[[ SOURCE MATERIAL, beginning ]]
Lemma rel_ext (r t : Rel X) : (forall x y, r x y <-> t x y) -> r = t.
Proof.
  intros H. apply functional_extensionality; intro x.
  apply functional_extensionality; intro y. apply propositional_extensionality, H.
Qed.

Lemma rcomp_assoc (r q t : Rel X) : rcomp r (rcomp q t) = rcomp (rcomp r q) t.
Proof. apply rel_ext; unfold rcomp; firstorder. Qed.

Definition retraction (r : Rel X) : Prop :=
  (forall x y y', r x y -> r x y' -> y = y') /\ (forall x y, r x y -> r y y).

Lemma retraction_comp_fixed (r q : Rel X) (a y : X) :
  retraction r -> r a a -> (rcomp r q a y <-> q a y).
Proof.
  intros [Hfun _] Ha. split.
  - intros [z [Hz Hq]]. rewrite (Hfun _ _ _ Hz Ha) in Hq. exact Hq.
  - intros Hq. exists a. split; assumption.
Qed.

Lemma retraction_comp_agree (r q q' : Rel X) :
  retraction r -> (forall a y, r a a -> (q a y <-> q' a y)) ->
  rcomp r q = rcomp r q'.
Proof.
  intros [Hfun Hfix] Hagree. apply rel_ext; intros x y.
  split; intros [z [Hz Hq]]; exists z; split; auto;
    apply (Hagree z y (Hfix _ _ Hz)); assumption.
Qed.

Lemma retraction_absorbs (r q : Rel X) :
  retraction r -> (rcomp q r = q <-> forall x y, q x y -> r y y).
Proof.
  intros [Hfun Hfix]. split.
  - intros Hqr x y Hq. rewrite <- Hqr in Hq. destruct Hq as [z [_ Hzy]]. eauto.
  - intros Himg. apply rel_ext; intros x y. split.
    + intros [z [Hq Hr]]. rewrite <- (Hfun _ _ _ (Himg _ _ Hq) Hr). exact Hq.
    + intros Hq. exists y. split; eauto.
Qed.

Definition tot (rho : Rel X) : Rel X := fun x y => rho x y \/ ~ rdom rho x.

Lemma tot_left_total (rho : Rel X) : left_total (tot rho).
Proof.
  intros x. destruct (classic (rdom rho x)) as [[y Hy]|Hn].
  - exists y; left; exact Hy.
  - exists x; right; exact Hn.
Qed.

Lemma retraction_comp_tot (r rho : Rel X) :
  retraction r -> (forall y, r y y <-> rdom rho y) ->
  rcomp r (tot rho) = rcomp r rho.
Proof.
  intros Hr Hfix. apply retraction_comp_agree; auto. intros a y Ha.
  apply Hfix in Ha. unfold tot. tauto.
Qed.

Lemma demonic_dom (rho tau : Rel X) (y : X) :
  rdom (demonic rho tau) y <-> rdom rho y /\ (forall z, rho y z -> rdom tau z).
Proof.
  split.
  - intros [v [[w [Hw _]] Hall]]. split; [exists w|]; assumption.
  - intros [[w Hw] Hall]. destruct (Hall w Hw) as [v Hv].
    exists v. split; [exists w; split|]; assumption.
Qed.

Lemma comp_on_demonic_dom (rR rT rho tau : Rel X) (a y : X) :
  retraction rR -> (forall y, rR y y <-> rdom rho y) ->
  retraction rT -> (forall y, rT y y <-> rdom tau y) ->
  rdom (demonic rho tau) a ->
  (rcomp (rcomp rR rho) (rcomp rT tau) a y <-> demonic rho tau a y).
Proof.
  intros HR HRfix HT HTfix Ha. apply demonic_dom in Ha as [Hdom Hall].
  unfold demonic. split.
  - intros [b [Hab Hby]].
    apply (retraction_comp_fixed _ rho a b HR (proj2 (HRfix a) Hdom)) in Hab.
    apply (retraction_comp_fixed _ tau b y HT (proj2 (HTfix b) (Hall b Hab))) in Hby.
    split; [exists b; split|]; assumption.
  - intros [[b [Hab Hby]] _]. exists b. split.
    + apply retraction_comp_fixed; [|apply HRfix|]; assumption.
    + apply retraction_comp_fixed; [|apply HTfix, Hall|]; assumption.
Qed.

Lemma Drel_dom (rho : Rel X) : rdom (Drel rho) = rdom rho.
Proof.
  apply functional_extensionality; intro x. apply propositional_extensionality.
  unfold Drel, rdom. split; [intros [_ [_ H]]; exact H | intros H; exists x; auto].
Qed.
[[ SOURCE MATERIAL, end ]]
[[ SOURCE MATERIAL, beginning ]]
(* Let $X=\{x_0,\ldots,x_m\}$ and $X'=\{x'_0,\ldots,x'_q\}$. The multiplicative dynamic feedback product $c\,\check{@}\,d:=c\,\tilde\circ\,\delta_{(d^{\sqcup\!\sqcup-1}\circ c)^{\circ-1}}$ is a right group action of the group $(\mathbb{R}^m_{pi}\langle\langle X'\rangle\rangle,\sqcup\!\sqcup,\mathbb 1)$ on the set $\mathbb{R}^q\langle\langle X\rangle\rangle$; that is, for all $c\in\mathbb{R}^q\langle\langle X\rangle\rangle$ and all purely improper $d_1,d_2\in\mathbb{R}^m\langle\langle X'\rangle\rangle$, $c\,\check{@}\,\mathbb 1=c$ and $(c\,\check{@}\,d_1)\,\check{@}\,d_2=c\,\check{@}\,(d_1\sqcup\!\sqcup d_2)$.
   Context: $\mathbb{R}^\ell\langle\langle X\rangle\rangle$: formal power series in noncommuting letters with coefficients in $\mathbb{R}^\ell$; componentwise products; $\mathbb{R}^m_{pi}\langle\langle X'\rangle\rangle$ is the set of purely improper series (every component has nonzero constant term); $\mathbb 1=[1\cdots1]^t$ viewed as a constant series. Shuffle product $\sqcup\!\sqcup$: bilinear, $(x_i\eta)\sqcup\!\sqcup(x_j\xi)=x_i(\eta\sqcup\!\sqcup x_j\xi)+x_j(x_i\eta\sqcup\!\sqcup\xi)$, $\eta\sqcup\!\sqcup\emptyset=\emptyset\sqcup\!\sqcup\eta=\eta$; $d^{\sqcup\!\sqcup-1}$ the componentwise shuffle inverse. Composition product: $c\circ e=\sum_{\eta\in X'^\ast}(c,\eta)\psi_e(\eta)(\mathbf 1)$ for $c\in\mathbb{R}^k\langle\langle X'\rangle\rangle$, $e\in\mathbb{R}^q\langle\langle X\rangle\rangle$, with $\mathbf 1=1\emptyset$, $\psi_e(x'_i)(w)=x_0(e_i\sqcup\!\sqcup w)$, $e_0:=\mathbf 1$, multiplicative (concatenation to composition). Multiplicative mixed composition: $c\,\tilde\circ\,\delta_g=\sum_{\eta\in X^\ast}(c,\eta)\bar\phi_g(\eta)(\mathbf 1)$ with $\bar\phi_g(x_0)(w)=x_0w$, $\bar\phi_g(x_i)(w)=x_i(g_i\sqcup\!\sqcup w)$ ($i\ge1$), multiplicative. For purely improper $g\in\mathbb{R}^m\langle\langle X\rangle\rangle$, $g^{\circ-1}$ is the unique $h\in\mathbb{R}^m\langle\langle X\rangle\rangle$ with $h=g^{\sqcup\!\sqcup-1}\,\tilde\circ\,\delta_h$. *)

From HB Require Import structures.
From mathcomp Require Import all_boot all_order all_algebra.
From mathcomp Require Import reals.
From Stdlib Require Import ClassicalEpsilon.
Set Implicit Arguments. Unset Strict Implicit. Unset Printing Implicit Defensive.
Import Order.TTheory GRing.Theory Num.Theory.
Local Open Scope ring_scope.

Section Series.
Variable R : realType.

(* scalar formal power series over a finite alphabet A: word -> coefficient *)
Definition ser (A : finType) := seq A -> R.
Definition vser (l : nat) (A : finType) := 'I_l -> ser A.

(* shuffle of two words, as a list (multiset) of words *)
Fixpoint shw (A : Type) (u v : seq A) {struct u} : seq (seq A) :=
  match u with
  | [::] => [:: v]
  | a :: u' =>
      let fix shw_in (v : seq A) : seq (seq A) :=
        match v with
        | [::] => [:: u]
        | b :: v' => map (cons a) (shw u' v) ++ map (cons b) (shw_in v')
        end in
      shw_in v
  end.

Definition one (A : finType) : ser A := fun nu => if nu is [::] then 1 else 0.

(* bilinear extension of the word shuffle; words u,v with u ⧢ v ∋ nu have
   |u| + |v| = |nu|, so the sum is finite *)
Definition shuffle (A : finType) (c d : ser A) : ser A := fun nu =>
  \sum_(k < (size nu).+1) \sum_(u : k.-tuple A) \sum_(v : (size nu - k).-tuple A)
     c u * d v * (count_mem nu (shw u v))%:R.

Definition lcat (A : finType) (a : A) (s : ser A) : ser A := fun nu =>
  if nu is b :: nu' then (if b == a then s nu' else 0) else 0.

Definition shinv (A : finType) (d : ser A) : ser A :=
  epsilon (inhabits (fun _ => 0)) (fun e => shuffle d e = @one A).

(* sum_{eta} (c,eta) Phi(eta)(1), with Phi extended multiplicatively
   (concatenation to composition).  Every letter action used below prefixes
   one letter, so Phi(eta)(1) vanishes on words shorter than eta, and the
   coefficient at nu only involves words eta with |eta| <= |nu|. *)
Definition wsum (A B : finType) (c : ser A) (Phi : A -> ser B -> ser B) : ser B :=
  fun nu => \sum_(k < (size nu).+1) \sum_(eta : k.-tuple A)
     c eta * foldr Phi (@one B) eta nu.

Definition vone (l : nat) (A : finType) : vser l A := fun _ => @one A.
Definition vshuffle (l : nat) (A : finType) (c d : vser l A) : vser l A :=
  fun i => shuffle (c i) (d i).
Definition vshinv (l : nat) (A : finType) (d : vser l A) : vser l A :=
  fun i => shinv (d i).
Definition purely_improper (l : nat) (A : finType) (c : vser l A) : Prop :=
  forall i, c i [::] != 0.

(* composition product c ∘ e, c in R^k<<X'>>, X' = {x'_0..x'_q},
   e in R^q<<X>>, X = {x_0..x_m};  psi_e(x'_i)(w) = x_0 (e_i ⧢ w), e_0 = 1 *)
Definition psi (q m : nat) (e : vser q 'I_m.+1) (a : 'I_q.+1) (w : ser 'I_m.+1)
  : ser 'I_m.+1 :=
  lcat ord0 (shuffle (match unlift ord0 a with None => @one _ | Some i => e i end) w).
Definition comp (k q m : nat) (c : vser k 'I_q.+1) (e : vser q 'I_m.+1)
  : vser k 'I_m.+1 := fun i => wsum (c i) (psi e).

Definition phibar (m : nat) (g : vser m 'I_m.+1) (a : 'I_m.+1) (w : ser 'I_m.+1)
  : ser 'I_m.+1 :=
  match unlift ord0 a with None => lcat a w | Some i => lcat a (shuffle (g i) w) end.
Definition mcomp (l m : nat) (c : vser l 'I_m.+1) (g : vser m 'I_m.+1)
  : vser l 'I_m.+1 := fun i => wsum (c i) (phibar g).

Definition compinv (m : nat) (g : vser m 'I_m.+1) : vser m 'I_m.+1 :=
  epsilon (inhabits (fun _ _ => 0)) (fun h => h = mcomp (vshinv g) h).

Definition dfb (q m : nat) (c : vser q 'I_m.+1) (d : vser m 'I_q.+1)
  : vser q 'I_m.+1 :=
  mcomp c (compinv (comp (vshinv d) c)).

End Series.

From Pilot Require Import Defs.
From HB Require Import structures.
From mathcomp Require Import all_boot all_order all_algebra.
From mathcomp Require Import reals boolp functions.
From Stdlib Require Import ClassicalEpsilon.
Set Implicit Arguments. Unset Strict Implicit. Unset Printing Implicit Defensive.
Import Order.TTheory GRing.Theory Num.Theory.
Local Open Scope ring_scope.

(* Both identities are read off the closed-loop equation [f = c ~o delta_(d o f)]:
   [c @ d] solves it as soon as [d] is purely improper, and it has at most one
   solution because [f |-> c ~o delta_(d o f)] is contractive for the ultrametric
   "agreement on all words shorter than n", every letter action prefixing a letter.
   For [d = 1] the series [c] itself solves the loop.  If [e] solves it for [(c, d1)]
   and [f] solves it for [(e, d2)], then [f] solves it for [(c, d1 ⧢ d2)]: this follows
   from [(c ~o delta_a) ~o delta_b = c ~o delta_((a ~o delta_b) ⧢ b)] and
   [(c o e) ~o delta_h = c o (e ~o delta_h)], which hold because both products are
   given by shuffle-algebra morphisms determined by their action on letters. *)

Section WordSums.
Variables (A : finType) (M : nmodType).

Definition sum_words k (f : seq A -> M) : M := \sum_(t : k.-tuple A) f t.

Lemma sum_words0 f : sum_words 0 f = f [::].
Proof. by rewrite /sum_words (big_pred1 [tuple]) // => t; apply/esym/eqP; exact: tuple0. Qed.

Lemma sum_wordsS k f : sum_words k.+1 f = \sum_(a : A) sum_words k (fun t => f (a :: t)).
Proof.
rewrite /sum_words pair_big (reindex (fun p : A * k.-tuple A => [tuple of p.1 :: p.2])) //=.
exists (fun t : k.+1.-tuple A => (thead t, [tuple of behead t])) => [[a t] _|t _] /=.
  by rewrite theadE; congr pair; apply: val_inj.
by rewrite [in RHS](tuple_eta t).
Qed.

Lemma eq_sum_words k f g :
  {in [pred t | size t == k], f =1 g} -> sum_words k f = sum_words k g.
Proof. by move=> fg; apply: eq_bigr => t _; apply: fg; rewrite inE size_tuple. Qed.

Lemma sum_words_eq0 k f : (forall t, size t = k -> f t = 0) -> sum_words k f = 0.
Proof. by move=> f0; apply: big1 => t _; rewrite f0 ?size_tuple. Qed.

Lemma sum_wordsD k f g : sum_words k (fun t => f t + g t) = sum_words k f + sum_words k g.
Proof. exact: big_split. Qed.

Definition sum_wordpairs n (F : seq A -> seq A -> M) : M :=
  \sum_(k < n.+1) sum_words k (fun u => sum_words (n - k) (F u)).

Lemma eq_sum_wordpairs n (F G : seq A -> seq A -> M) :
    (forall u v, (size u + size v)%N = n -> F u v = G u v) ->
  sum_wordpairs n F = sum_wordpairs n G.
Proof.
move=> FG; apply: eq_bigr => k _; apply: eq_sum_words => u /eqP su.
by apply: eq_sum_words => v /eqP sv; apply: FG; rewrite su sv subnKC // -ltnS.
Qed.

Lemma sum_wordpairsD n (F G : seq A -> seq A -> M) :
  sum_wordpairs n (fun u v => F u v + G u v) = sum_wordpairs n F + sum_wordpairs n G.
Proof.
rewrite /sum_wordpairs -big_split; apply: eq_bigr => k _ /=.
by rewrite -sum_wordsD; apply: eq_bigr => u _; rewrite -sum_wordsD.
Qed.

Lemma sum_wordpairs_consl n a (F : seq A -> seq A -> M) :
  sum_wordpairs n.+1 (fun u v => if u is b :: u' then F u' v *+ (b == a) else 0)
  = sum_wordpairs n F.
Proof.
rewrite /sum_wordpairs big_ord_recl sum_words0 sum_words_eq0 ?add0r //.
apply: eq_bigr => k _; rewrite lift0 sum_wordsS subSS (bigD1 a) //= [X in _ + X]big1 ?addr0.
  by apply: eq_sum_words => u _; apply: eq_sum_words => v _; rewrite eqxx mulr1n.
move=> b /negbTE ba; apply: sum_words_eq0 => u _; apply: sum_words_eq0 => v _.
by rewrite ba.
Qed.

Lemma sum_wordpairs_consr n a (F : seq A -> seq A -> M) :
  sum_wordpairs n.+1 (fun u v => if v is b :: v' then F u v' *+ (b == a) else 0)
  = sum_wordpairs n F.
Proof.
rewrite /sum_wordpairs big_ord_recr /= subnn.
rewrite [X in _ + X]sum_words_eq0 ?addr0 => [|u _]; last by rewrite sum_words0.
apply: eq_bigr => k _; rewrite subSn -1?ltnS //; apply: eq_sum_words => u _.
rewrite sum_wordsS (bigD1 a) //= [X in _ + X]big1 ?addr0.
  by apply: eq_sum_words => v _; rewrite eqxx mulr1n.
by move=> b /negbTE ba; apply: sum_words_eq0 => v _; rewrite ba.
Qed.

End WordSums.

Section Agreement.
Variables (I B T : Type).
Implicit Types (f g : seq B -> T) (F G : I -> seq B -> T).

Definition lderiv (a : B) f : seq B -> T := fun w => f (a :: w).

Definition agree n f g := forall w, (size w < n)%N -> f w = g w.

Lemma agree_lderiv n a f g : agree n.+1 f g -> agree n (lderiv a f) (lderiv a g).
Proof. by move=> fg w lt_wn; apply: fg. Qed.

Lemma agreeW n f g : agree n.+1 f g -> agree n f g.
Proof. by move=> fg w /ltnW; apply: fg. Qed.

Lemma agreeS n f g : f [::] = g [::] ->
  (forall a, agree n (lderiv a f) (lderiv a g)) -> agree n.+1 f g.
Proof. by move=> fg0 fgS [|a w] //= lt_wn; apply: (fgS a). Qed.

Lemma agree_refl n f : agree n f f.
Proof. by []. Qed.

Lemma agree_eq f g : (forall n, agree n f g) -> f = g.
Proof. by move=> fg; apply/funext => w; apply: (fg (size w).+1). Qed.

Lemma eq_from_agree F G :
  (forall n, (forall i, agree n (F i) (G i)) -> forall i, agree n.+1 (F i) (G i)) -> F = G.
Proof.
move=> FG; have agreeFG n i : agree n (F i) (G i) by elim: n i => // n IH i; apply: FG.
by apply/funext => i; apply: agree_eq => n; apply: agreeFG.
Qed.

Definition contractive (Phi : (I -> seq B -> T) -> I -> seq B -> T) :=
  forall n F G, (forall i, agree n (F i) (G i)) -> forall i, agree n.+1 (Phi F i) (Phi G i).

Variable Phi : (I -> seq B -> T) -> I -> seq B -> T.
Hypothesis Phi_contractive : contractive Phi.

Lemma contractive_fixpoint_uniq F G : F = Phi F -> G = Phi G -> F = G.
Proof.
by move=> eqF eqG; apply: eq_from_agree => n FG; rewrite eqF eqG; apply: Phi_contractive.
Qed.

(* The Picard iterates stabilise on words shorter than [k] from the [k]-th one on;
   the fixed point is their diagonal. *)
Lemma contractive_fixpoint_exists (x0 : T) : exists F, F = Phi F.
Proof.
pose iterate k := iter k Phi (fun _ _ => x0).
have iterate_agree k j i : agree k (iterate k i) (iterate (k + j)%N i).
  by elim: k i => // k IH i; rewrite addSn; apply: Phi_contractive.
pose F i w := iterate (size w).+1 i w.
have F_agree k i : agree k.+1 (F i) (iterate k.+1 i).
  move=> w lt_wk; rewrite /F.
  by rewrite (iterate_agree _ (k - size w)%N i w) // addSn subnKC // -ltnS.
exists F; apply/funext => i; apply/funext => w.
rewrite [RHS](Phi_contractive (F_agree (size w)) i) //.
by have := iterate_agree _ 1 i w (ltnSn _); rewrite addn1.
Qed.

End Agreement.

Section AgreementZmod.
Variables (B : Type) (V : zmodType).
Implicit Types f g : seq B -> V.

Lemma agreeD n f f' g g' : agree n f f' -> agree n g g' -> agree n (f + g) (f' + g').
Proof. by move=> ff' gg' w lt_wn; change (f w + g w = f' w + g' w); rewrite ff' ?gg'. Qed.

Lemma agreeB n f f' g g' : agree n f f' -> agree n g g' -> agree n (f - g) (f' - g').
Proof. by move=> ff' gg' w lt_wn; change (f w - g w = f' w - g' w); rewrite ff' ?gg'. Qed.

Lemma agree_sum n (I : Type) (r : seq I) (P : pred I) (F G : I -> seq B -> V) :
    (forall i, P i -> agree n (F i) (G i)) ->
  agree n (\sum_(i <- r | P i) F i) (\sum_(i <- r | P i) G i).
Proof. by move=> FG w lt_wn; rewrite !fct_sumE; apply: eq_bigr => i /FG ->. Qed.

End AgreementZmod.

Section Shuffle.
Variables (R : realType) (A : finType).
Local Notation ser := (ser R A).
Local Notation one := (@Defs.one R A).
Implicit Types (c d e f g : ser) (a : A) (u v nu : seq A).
[[ SOURCE MATERIAL, end ]]
▶ _AIM OF THE EXERCISE_: Write down, word for word, the lines above from the one containing "(forall u v, (size" through the one containing "Lemma sum_wordpairsD n", both ends included.

▶ _REPLY TO THE TASK_:
    (forall u v, (size u + size v)%N = n -> F u v = G u v) ->
  sum_wordpairs n F = sum_wordpairs n G.
Proof.
move=> FG; apply: eq_bigr => k _; apply: eq_sum_words => u /eqP su.
by apply: eq_sum_words => v /eqP sv; apply: FG; rewrite su sv subnKC // -ltnS.
Qed.

Lemma sum_wordpairsD n (F G : seq A -> seq A -> M) :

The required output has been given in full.